Not everyone would think to create a road-trip out of the deaths of these men, but Sarah Vowell did. She visits museums commemorating these sad events, she searches out graves, historical plaques, and former homes.

I was not at all certain I would enjoy reading this book, to tell the truth. For one thing, my mother wanted me to read it. That is not always a good thing. But we had both read Vowell's The Wordy Shipmates a couple of years ago, and when she saw this title in her favorite bookseller's catalog, she ordered it, read it, and gave it to me.

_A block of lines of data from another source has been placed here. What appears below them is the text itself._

Lemma shuffle_index_inj : injective shuffle_index.
Proof.
move=> k1 k2 eq_k.
have := congr1 (modn^~ P) eq_k; have := congr1 (divn^~ P) eq_k.
rewrite /= !shuffle_index_divn !shuffle_index_modn => eq_hi eq_rdiv.
have := congr1 (modn^~ p) eq_hi; have := congr1 (divn^~ p) eq_hi.
rewrite /= !divnMD_small ?modnMD_small ?ltn_pmod // => eq_q eq_rmod.
by apply: (eq_divn_modn eq_q); apply: (eq_divn_modn eq_rdiv eq_rmod).
Qed.

Lemma shuffle_index_lt N k : k < N * (p * P) -> shuffle_index k < N * p * P.
Proof.
move=> ltk; have ltq : k %/ (p * P) < N by rewrite ltn_divLR // muln_gt0 p_gt0.
have ltr0 : k %% (p * P) %% p < p by rewrite ltn_pmod.
have ltr1 := ltn_divn_modnM k.
rewrite /shuffle_index; nia.
Qed.

End ShuffleIndex.

Lemma GH_imset p ts : GH p ts = [set Phi (c *m GHmat p ts)%R | c : 'rV_(sumn ts)].
Proof. by rewrite /GH /GHlin -imset_comp. Qed.

Lemma equiv_codes_row_perm p N1 N2 (I1 I2 : finType)
    (E1 : I1 -> 'rV['Z_p]_N1) (E2 : I2 -> 'rV['Z_p]_N2) (f : 'I_N2 -> 'I_N1) :
    bijective f ->
    (forall c, exists d, E2 d = (\row_i E1 c ord0 (f i))%R) ->
    (forall d, exists c, E2 d = (\row_i E1 c ord0 (f i))%R) ->
  equiv_codes [set E1 c | c : I1] [set E2 d | d : I2].
Proof.
move=> f_bij E1_in E2_in; exists 0%R, f; split=> //; apply/setP => v.
apply/imsetP/imsetP => [[d _ ->] | [_ /imsetP [c _ ->] ->]].
  by have [c ->] := E2_in d; exists (E1 c); rewrite ?add0r ?imset_f.
by have [d <-] := E1_in c; exists d; rewrite ?add0r.
Qed.

Lemma equiv_codes_trans p N1 N2 N3 (C1 : {set 'rV['Z_p]_N1}) (C2 : {set 'rV['Z_p]_N2})
    (C3 : {set 'rV['Z_p]_N3}) :
  equiv_codes C1 C2 -> equiv_codes C2 C3 -> equiv_codes C1 C3.
Proof.
move=> [a2 [f [f_bij ->]]] [a3 [g [g_bij ->]]].
exists (a3 + \row_i a2 ord0 (g i))%R, (f \o g); split; first exact: bij_comp.
apply/setP => w; apply/imsetP/imsetP => [[_ /imsetP [c1 c1_in ->] ->] | [c1 c1_in ->]].
  by exists c1 => //; apply/rowP => i; rewrite !mxE addrA.
exists (a2 + \row_i c1 ord0 (f i))%R; first exact: imset_f.
by apply/rowP => i; rewrite !mxE addrA.
Qed.

Section LiftStep.

Variables (p t1 : nat) (mid : seq nat) (tlast : nat).
Hypotheses (p_gt1 : 1 < p) (t1_gt0 : 0 < t1) (tlast_gt0 : 0 < tlast).

Local Notation n := (size mid).+1.
Local Notation tsA := (t1 :: rcons mid tlast).
Local Notation tsB := (1 :: t1.-1 :: rcons mid tlast.-1).
Local Notation W := (common_ranges p t1 mid tlast).
Local Notation m := (size W).

Let p_gt0 : 0 < p. Proof. exact: ltnW. Qed.

Lemma sumn_tsA : sumn tsA = m.+2.
Proof. by rewrite -(size_coord_ranges p) // coord_ranges_rcons //= size_rcons. Qed.

Lemma sumn_tsB : sumn tsB = m.+1.
Proof. by rewrite -(size_coord_ranges p) // coord_ranges_lift /= size_map. Qed.

Lemma size_columns_tsA : size (columns p tsA) = size (cartprod W) * p.
Proof.
by rewrite columnsE coord_ranges_rcons // cartprod_cons1 cartprod_rcons size_map
  size_allpairs Tset_last size_map size_iota.
Qed.

Lemma size_columns_tsB : size (columns p tsB) = size (cartprod W).
Proof. by rewrite columnsE coord_ranges_lift cartprod_cons1 cartprod_map !size_map. Qed.

Lemma nth_columns_tsA q x : q < size (cartprod W) -> x < p ->
  nth [::] (columns p tsA) (q * p + x) = 1 :: rcons (nth [::] (cartprod W) q) (x * p ^ n).
Proof.
move=> ltq ltx; rewrite columnsE coord_ranges_rcons // cartprod_cons1 cartprod_rcons.
have sizeT : size (Tset p n.+1 n.+1) = p by rewrite Tset_last size_map size_iota.
rewrite (nth_map [::]) ?size_allpairs ?sizeT //; last by nia.
rewrite -[X in q * X]sizeT (nth_allpairs _ [::] 0) ?sizeT //.
by rewrite Tset_last (nth_map 0) ?size_iota // nth_iota.
Qed.
Lemma binary_form_lt0_sector (c B C : R) : 0 < c ->
  exists2 theta, 0 < theta & forall s u, 0 < s -> 0 <= u -> u <= theta * s ->
    - c * s ^+ 2 + B * (s * u) + C * u ^+ 2 < 0.
Proof.
move=> c0; pose theta := Num.min 1 (c / (`|B| + `|C| + 1)).
have nB := normr_ge0 B; have nC := normr_ge0 C.
have theta0 : 0 < theta by rewrite lt_min ltr01 divr_gt0 //; lra.
have theta1 : theta <= 1 by rewrite ge_min lexx.
have thetaBC : theta * (`|B| + `|C| + 1) <= c.
  by rewrite -ler_pdivlMr ?ge_min ?lexx ?orbT //; lra.
exists theta => // s u s0 u0 us.
have su : s * u <= theta * s ^+ 2 by nra.
have uu : u ^+ 2 <= theta * s ^+ 2.
  have : u * u <= u * (theta * s) by rewrite ler_wpM2l.
  have : theta * s * s <= 1 * s * s by rewrite !ler_wpM2r //; lra.
  nra.
have Bsu : B * (s * u) <= `|B| * (theta * s ^+ 2).
  apply: le_trans (ler_norm _) _; rewrite normrM (ger0_norm (mulr_ge0 (ltW s0) u0)).
  exact: ler_wpM2l.
have Cuu : C * u ^+ 2 <= `|C| * (theta * s ^+ 2).
  apply: le_trans (ler_norm _) _; rewrite normrM (ger0_norm (sqr_ge0 u)).
  exact: ler_wpM2l.
have s2 : 0 < s ^+ 2 by rewrite exprn_gt0.
have : theta * (`|B| + `|C|) * s ^+ 2 < c * s ^+ 2.
  by rewrite ltr_pM2r //; lra.
nra.
Qed.

Lemma gamma_range_coef_lt0 m (p delta gamma : R) : (m.+2)%:R < p ->
  gamma < (p - (m.+2)%:R - delta) / (p - 1) ->
  (gamma - 2) * (p - 1) + (p - 2) + (m%:R + (2 + delta)) < 0.
Proof.
rewrite -addn2 natrD => p_gt; have m_ge0 : 0 <= m%:R :> R := ler0n _ m.
by rewrite ltr_pdivlMr; lra.
Qed.

Lemma exists_mu_small (k2 theta r0 : R) : 0 < k2 -> 0 < theta -> 0 < r0 ->
  exists mu : R, [/\ 0 < mu, mu < 1 / 2, mu <= k2, 4 * mu ^+ 2 <= theta & mu / k2 < r0].
Proof.
move=> k2_gt0 theta_gt0 r0_gt0.
have k2r0 : 0 < k2 * r0 / 2 by rewrite !mulr_gt0.
exists (Num.min (1 / 4) (Num.min k2 (Num.min theta (k2 * r0 / 2)))).
set mu := Num.min _ _.
have mu0 : 0 < mu by rewrite !lt_min k2_gt0 theta_gt0 k2r0 andbT; lra.
have [mu1 muk2 mutheta mur0] : [/\ mu <= 1 / 4, mu <= k2, mu <= theta & mu <= k2 * r0 / 2].
  by rewrite !ge_min !lexx !orbT.
split=> //; [lra | nra | by rewrite ltr_pdivrMr //; lra].
Qed.
(* Let $\mathbf w=\mathbf v_1a\mathbf v_2a\mathbf v_3$ where $a$ is a letter and $\mathbf v_1,\mathbf v_2,\mathbf v_3$ are possibly empty words. Suppose that $a$ occurs in $\mathbf v_1$ and that every letter occurring in $\mathbf v_2$ occurs at least twice in $\mathbf w$. Then the variety $\mathbf O$ satisfies the identity $\mathbf w\approx\mathbf v_1\mathbf v_2a\mathbf v_3$.
   Context: Words are elements of the free monoid over a countably infinite alphabet. $\mathbf O$ is the monoid variety defined by the identities $x^2y^2\approx y^2x^2$ and $xzxyxty\approx xzyxty$. *)

From mathcomp Require Import all_boot.
Set Implicit Arguments. Unset Strict Implicit. Unset Printing Implicit Defensive.

Definition word := seq nat.

Record monoid := Monoid {
  carrier :> Type;
  mop : carrier -> carrier -> carrier;
  munit : carrier;
  mopA : forall x y z, mop x (mop y z) = mop (mop x y) z;
  mop1x : forall x, mop munit x = x;
  mopx1 : forall x, mop x munit = x }.

Definition eval (M : monoid) (f : nat -> M) (w : word) : M :=
  foldr (fun x acc => mop (f x) acc) (munit M) w.

Definition sat (M : monoid) (u v : word) : Prop :=
  forall f : nat -> M, eval f u = eval f v.

(* Defining identities of O, with x = 0, y = 1, z = 2, t = 3:
   x^2 y^2 ~ y^2 x^2   and   x z x y x t y ~ x z y x t y. *)
Definition in_O (M : monoid) : Prop :=
  sat M [:: 0; 0; 1; 1] [:: 1; 1; 0; 0] /\
  sat M [:: 0; 2; 0; 1; 0; 3; 1] [:: 0; 2; 1; 0; 3; 1].

Definition O_satisfies (u v : word) : Prop :=
  forall M : monoid, in_O M -> sat M u v.

From mathcomp Require Import all_boot.

(* The second occurrence of a is moved left through v2, one letter y at a time,
   until it meets the first one, where the two merge because x z x x = x z x
   holds in O (second identity with y = t = 1).  If y already occurs before it,
   y and a commute: doubling both letters with x z x x = x z x makes the first
   identity x^2 y^2 = y^2 x^2 applicable.  Otherwise y occurs twice, hence also
   in v3, and the second identity, read as a y a = y a between an earlier a and
   a later y, lets a copy of a pass y. *)

Section EvalInO.

Variables (M : monoid) (f : nat -> M).
Local Notation E := (eval f).

Lemma eval_cat s t : E (s ++ t) = mop (E s) (E t).
Proof. by elim: s => [|x s IH] /=; rewrite ?mop1x // IH mopA. Qed.

Lemma eval_cons x s : E (x :: s) = mop (f x) (E s).
Proof. by []. Qed.

Hypothesis MO : in_O M.

Lemma O_sq_commute (x y s : M) :
  mop x (mop x (mop y (mop y s))) = mop y (mop y (mop x (mop x s))).
Proof.
have := congr1 (fun m => mop m s) (MO.1 (fun n => if n is 0 then x else y)).
by rewrite /= -!mopA !mop1x.
Qed.

Lemma O_drop_mid (x z y t s : M) :
  mop x (mop z (mop x (mop y (mop x (mop t (mop y s)))))) =
  mop x (mop z (mop y (mop x (mop t (mop y s))))).
Proof.
have := congr1 (fun m => mop m s)
  (MO.2 (fun n => match n with 0 => x | 1 => y | 2 => z | _ => t end)).
by rewrite /= -!mopA !mop1x.
Qed.

Lemma eval_dup p a q : a \in p -> E (p ++ a :: a :: q) = E (p ++ a :: q).
Proof.
case/splitPr=> p1 p2; rewrite -!catA /= !(eval_cat, eval_cons); congr (mop _ _).
have := O_drop_mid (f a) (E p2) (munit M) (E q) (munit M).
by rewrite !mop1x !mopx1.
Qed.

Lemma eval_drop_copy p a y q : a \in p -> y \in q ->
  E (p ++ a :: y :: a :: q) = E (p ++ y :: a :: q).
Proof.
case/splitPr=> p1 p2; case/splitPr=> q1 q2.
by rewrite -!catA /= !(eval_cat, eval_cons) O_drop_mid.
Qed.

Lemma eval_swap p a y q : a \in p -> y \in p ->
  E (p ++ a :: y :: q) = E (p ++ y :: a :: q).
Proof.
move=> ap yp.
rewrite -(eval_dup p a) // -[a :: a :: y :: q]/([:: a; a] ++ y :: q) catA.
rewrite -(eval_dup (p ++ [:: a; a]) y) ?mem_cat ?yp //.
rewrite -(eval_dup p y) // -[y :: y :: a :: q]/([:: y; y] ++ a :: q) catA.
rewrite -(eval_dup (p ++ [:: y; y]) a) ?mem_cat ?ap //.
by rewrite -!catA /= !(eval_cat, eval_cons) O_sq_commute.
Qed.

Lemma eval_merge_occ v1 a v2 v3 : a \in v1 ->
  (forall x, x \in v2 -> 1 < count_mem x (v1 ++ a :: v2 ++ a :: v3)) ->
  E (v1 ++ a :: v2 ++ a :: v3) = E (v1 ++ v2 ++ a :: v3).
Proof.
move=> av1; elim/last_ind: v2 v3 => [|u y IH] v3 twice.
  by rewrite eval_dup.
set p := v1 ++ a :: u.
have ap : a \in p by rewrite mem_cat mem_head orbT.
have av1u : a \in v1 ++ u by rewrite mem_cat av1.
have -> : v1 ++ a :: rcons u y ++ a :: v3 = p ++ y :: a :: v3
  by rewrite cat_rcons -catA.
have -> : v1 ++ rcons u y ++ a :: v3 = (v1 ++ u) ++ y :: a :: v3
  by rewrite cat_rcons catA.
have IHu v3' : (forall x, count_mem x (y :: a :: v3) <= count_mem x (a :: v3')) ->
    E (p ++ a :: v3') = E ((v1 ++ u) ++ a :: v3').
  move=> le_count; rewrite -catA -catA IH // => x xu.
  apply: leq_trans (twice x _) _; first by rewrite mem_rcons inE xu orbT.
  rewrite cat_rcons -cat_cons -[in leqRHS]cat_cons !catA.
  by rewrite [in leqLHS]count_cat [in leqRHS]count_cat leq_add2l.
have [yv1u | yNv1u] := boolP (y \in v1 ++ u).
  have yp : y \in p by move: yv1u; rewrite !mem_cat inE => /orP [->|->]; rewrite ?orbT.
  rewrite -eval_swap // IHu => [|x].
    by rewrite eval_swap.
  by rewrite /= addnCA.
have yv3 : y \in v3.
  have := twice y; rewrite mem_rcons mem_head => /(_ isT).
  rewrite cat_rcons -cat_cons !count_cat /= eqxx.
  have /count_memPn -> : y \notin v1 by apply: contra yNv1u; rewrite mem_cat => ->.
  have /count_memPn -> : y \notin u by apply: contra yNv1u; rewrite mem_cat orbC => ->.
  have /negPf -> : a != y by apply: contraNneq yNv1u => <-.
  by rewrite !add0n add1n ltnS -has_count has_pred1.
rewrite -eval_drop_copy ?inE ?yv3 ?orbT // IHu => [|x].
  by rewrite eval_drop_copy.
by rewrite [in leqRHS]/= leq_addl.
Qed.

End EvalInO.

Theorem lemma3p3 (v1 v2 v3 : word) (a : nat) :
  a \in v1 ->
  (forall x, x \in v2 -> 2 <= count_mem x (v1 ++ a :: v2 ++ a :: v3)) ->
  O_satisfies (v1 ++ a :: v2 ++ a :: v3) (v1 ++ v2 ++ a :: v3).
Proof. by move=> av1 twice M MO f; apply: eval_merge_occ. Qed.
Lemma hblock_inj j j' : j <= n -> j' <= n -> hblock j = hblock j' -> j = j'.
Proof. rewrite /hblock; repeat case: ifP; lia. Qed.

Lemma vblock_inj g g' : g < n -> g' < n -> vblock g = vblock g' -> g = g'.
Proof. rewrite /vblock; repeat case: ifP; lia. Qed.

Lemma hblock_neq_vblock j g : g < n -> hblock j <> vblock g.
Proof. rewrite /hblock /vblock; repeat case: ifP; lia. Qed.

Definition layer_weight j :=
  2 * hblock j + (if j < n then vblock j else 0) + (if 0 < j then vblock j.-1 else 0).

Lemma layer_weight_gap j j' : j <= n -> j' <= n -> j != j' ->
  layer_weight j + 4 <= layer_weight j' \/ layer_weight j' + 4 <= layer_weight j.
Proof. rewrite /layer_weight /hblock /vblock; repeat case: ifP; lia. Qed.

End Blocks.

Section Labels.
Variables m n : nat.

Definition hlabel i j := block_label m (hblock n j) (hoffset m i).
Definition vlabel i g := block_label m (vblock n g) (voffset m i).

Lemma hlabel_inj i i' j j' : i < m -> i' < m -> j <= n -> j' <= n ->
  hlabel i j = hlabel i' j' -> i = i' /\ j = j'.
Proof.
move=> lt_im lt_i'm le_jn le_j'n.
move=> /(block_label_inj (hoffset_lt lt_im) (hoffset_lt lt_i'm)) [eb eo].
by split; [apply: hoffset_inj eo | apply: hblock_inj eb].
Qed.

Lemma vlabel_inj i i' g g' : i < m -> i' < m -> g < n -> g' < n ->
  vlabel i g = vlabel i' g' -> i = i' /\ g = g'.
Proof.
move=> lt_im lt_i'm lt_gn lt_g'n.
move=> /(block_label_inj (voffset_lt lt_im) (voffset_lt lt_i'm)) [eb eo].
by split; [apply: voffset_inj eo | apply: vblock_inj eb].
Qed.

Lemma hlabel_neq_vlabel i i' j g : i < m -> i' < m -> g < n ->
  hlabel i j <> vlabel i' g.
Proof.
move=> lt_im lt_i'm lt_gn.
move=> /(block_label_inj (hoffset_lt lt_im) (voffset_lt lt_i'm)) [eb _].
exact: hblock_neq_vblock eb.
Qed.

Lemma hlabel_range i j : i < m -> j <= n -> 0 < hlabel i j <= (2 * n + 1) * m.
Proof.
by move=> lt_im le_jn; apply: block_label_range (hblock_lt le_jn) (hoffset_lt lt_im).
Qed.

Lemma vlabel_range i g : i < m -> g < n -> 0 < vlabel i g <= (2 * n + 1) * m.
Proof.
by move=> lt_im lt_gn; apply: block_label_range (vblock_lt lt_gn) (voffset_lt lt_im).
Qed.

End Labels.

Section VertexSums.
Variables m n : nat.
Hypothesis n_gt0 : 0 < n.

Local Notation hlabel := (hlabel m n).
Local Notation vlabel := (vlabel m n).

Definition vertex_sum i j :=
  hlabel i j + hlabel (cyc_pred m i) j +
  (if j < n then vlabel i j else 0) + (if 0 < j then vlabel i j.-1 else 0).

Definition offset_sum i j :=
  hoffset m i + hoffset m (cyc_pred m i) + 2 +
  (if j < n then (voffset m i).+1 else 0) + (if 0 < j then (voffset m i).+1 else 0).

Lemma vertex_sumE i j : vertex_sum i j = m * layer_weight n j + offset_sum i j.
Proof.
rewrite /vertex_sum /hlabel /vlabel /block_label /layer_weight /offset_sum.
by case: ifP => _; case: ifP => _; rewrite !mulnDr !(mulnC m); lia.
Qed.

Lemma offset_sum_le i j : i < m -> offset_sum i j <= 4 * m.
Proof.
move=> lt_im; have := hoffset_lt lt_im; have := voffset_lt lt_im.
have := hoffset_lt (cyc_pred_lt lt_im).
by rewrite /offset_sum; case: ifP => _; case: ifP => _; lia.
Qed.

(* offset_sum i j = s + 2 + c * (voffset i + 1) with c >= 1 (as n > 0) and s
   within 1 of 2 * voffset i by voffset_mean, so it increases strictly with
   voffset i. *)
Lemma offset_sum_inj i i' j : i < m -> i' < m -> j <= n ->
  offset_sum i j = offset_sum i' j -> i = i'.
Proof.
move=> lt_im lt_i'm le_jn e; apply: (@voffset_inj m) => //.
have := voffset_mean lt_im; have := voffset_mean lt_i'm.
by move: e; rewrite /offset_sum; case: ifP => ?; case: ifP => ?; lia.
Qed.

Lemma vertex_sum_inj i i' j j' : i < m -> i' < m -> j <= n -> j' <= n ->
  vertex_sum i j = vertex_sum i' j' -> i = i' /\ j = j'.
Proof.
move=> lt_im lt_i'm le_jn le_j'n; rewrite !vertex_sumE.
have [<- | ne_jj'] := eqVneq j j'.
  by move=> e; split => //; apply: offset_sum_inj le_jn _; lia.
have sep k l x y : layer_weight n k + 4 <= layer_weight n l -> x < m ->
    m * layer_weight n k + offset_sum x k < m * layer_weight n l + offset_sum y l.
  move=> gap lt_xm; apply: ltn_mul_window gap (offset_sum_le _ lt_xm) _.
  by rewrite /offset_sum; lia.
case: (layer_weight_gap le_jn le_j'n ne_jj') => /sep lt_sums.
- by have := lt_sums i i' lt_im; lia.
- by have := lt_sums i' i lt_i'm; lia.
Qed.

End VertexSums.

Lemma sum_column m n (F : nat -> nat -> nat) (i : 'I_m) k :
  \sum_(g : 'I_m * 'I_n | (g.1 == i) && (g.2 == k :> nat)) F g.1 g.2 =
  if k < n then F i k else 0.
Proof.
case: ltnP => [lt_kn | le_nk].
  by rewrite (big_pred1 (i, Ordinal lt_kn)) // => -[g1 g2]; rewrite xpair_eqE.
rewrite big_pred0 // => -[g1 g2] /=.
by rewrite (ltn_eqF (leq_trans (ltn_ord g2) le_nk)) andbF.
Qed.

Lemma lift0_eq n (g : 'I_n) (j : 'I_n.+1) : (lift ord0 g == j) = (g.+1 == j).
Proof. by rewrite -lift0 val_eqE. Qed.

Section CyclicSuccessor.
Variable m : nat.

Lemma cycle_adjE (i j : 'I_m) : cycle_adj i j = (j == ordS i) || (i == ordS j).
Proof. by []. Qed.

Lemma val_ordS (i : 'I_m) : val (ordS i) = if i.+1 == m then 0 else i.+1.
Proof.
rewrite /=; case: eqP => [-> | ne]; first exact: modnn.
by rewrite modn_small //; have := ltn_ord i; lia.
Qed.

Lemma val_ord_pred (i : 'I_m) : val (ord_pred i) = cyc_pred m i.
Proof.
case: i => -[|i] lt_im /=; first by rewrite modn_small //; lia.
by rewrite modnDr modn_small // ltnW.
Qed.

Lemma ordS2_neq (i : 'I_m) : 2 < m -> ordS (ordS i) != i.
Proof.
move=> m_gt2; apply/eqP => /(congr1 val); move: (ltn_ord i).
by rewrite !val_ordS; case: (i.+1 =P m) => ? /=; case: eqP; lia.
Qed.

End CyclicSuccessor.

Section PrismArcs.
Variables m n : nat.
Hypothesis m_gt2 : 2 < m.
(* Let $U$ and $X$ be compact metric spaces, let $T:U\to U$ be a surjective map (not necessarily continuous), and let $g:U\times X\to X$ be a continuous driven system which is SI-invertible. Let $Y_T\subset X\times X$ be the relation induced by $(U,T)$. Then there exists a well-defined map $G_T:Y_T\to Y_T$ such that for every orbit $\bar u=\{u_k\}_{k\in\mathbb Z}$ of $T$, every solution $\{x_k\}_{k\in\mathbb Z}$ of $g$ for the input $\bar u$, and every $n\in\mathbb Z$, $$G_T(x_{n-1},x_n)=(x_n,x_{n+1}).$$
   Context: An orbit of $T$ is a bi-infinite sequence $\{u_n\}_{n\in\mathbb Z}\subset U$ with $u_{n+1}=Tu_n$ for all $n\in\mathbb Z$. A driven system is a continuous map $g:U\times X\to X$ with $U,X$ compact metric spaces. Given a bi-infinite input $\bar u=\{u_n\}_{n\in\mathbb Z}\subset U$, a solution of $g$ for $\bar u$ is a bi-infinite sequence $\{x_n\}_{n\in\mathbb Z}\subset X$ with $x_{n+1}=g(u_n,x_n)$ for all $n\in\mathbb Z$. The driven system $g$ is SI-invertible (state-input invertible) if for every $x\in X$ the map $g(\cdot,x):U\to X$ is injective, i.e. whenever $x_{n+1}=g(u_n,x_n)$, the input $u_n$ is uniquely determined by $x_n$ and $x_{n+1}$. The relation induced by $(U,T)$ is $$Y_T:=\{(x_{n-1},x_n): \{x_k\}_{k\in\mathbb Z}\text{ is a solution of }g\text{ for some orbit of }T,\ n\in\mathbb Z\}.$$ *)

From HB Require Import structures.
From mathcomp Require Import all_boot all_order all_algebra.
From mathcomp Require Import all_classical all_reals all_analysis.
Set Implicit Arguments. Unset Strict Implicit. Unset Printing Implicit Defensive.
Local Open Scope classical_set_scope.

Definition is_orbit {U : Type} (T : U -> U) (u : int -> U) : Prop :=
  forall n : int, u (n + 1)%R = T (u n).

Definition is_solution {U X : Type} (g : U * X -> X) (u : int -> U) (x : int -> X) : Prop :=
  forall n : int, x (n + 1)%R = g (u n, x n).

Definition SI_invertible {U X : Type} (g : U * X -> X) : Prop :=
  forall x : X, injective (fun u : U => g (u, x)).

Definition induced_relation {U X : Type} (T : U -> U) (g : U * X -> X) : set (X * X) :=
  [set p | exists u x n, is_orbit T u /\ is_solution g u x /\ p = (x (n - 1)%R, x n)].

From HB Require Import structures.
From mathcomp Require Import all_boot all_order all_algebra.
From mathcomp Require Import all_classical all_reals all_analysis.
Set Implicit Arguments. Unset Strict Implicit.
Import GRing.Theory.
Local Open Scope classical_set_scope.

(* Only SI-invertibility matters: along a solution, the pair (x_{n-1}, x_n)
   determines the input u_{n-1}, hence u_n = T u_{n-1} and x_{n+1} = g(u_n, x_n).
   So "(x_{n-1}, x_n) is followed by (x_n, x_{n+1})" is a functional relation on
   Y_T, and any choice of a function extending it is G_T. *)

Lemma functional_relation_extends {A : Type} (r : A -> A -> Prop) :
  (forall p q q', r p q -> r p q' -> q = q') ->
  exists f : A -> A, forall p q, r p q -> f p = q.
Proof.
move=> r_fun.
have [f fP] : {f : A -> A & forall p, (exists q, r p q) -> r p (f p)}.
  apply: (choice (P := fun p fp => (exists q, r p q) -> r p fp)) => p.
  have [[q rpq]|no_q] := pselect (exists q, r p q).
  - by exists q.
  - by exists p => /no_q [].
by exists f => p q rpq; apply: r_fun (fP p (ex_intro _ q rpq)) rpq.
Qed.

Section ShiftRelation.
Variables (U X : Type) (T : U -> U) (g : U * X -> X).

Definition shift_relation (p q : X * X) : Prop :=
  exists u x (n : int), is_orbit T u /\ is_solution g u x /\
    p = (x (n - 1)%R, x n) /\ q = (x n, x (n + 1)%R).

Lemma solution_pred (u : int -> U) (x : int -> X) (n : int) :
  is_solution g u x -> x n = g (u (n - 1)%R, x (n - 1)%R).
Proof. by move=> sol; rewrite -sol subrK. Qed.

Lemma orbit_pred (u : int -> U) (n : int) :
  is_orbit T u -> u n = T (u (n - 1)%R).
Proof. by move=> orb; rewrite -orb subrK. Qed.

Hypothesis SIg : SI_invertible g.

Lemma SI_invertible_input (u v : int -> U) (x y : int -> X) (n m : int) :
  is_solution g u x -> is_solution g v y ->
  x (n - 1)%R = y (m - 1)%R -> x n = y m -> u (n - 1)%R = v (m - 1)%R.
Proof.
move=> solx soly E1 E2; apply: (@SIg (x (n - 1)%R)) => /=.
by rewrite -solution_pred // E2 E1 -solution_pred.
Qed.

Lemma shift_relation_functional (p q q' : X * X) :
  shift_relation p q -> shift_relation p q' -> q = q'.
Proof.
move=> [u [x [n [orbu [solx [-> ->]]]]]] [v [y [m [orbv [soly [[E1 E2] ->]]]]]].
have Eu : u n = v m.
  by rewrite (orbit_pred n orbu) (orbit_pred m orbv) (SI_invertible_input solx soly E1 E2).
by rewrite solx soly Eu E2.
Qed.

End ShiftRelation.

Theorem theorem3 (R : realType) (U X : metricType R)
  (T : U -> U) (g : U * X -> X) :
  compact [set: U] -> compact [set: X] ->
  (forall v : U, exists w : U, T w = v) -> continuous g -> SI_invertible g ->
  exists G : X * X -> X * X,
    (forall p, induced_relation T g p -> induced_relation T g (G p)) /\
    (forall (u : int -> U) (x : int -> X) (n : int),
        is_orbit T u -> is_solution g u x ->
        G (x (n - 1)%R, x n) = (x n, x (n + 1)%R)).
Proof.
move=> _ _ _ _ SIg.
have [G GP] := functional_relation_extends (@shift_relation_functional _ _ T _ SIg).
have G_shift u x n : is_orbit T u -> is_solution g u x ->
    G (x (n - 1)%R, x n) = (x n, x (n + 1)%R).
  by move=> orbu solx; apply: GP; exists u, x, n.
exists G; split=> [p [u [x [n [orbu [solx ->]]]]]|//].
rewrite (G_shift u x n orbu solx); exists u, x, (n + 1)%R.
do 2!split=> //.
by rewrite addrK.
Qed.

I remembered Vowell as being a little too smart-alecky for my taste in Shipmates, even though I did learn a lot about the Puritans that I never imagined. In Vacation, her tone is much less stridently sassy, and for me much easier to get along with. And once again I learned a lot about the history I was supposed ot have learned in school, but never heard about. Lincoln, yes. But Garfield and McKinley? Nary a word that I can recall.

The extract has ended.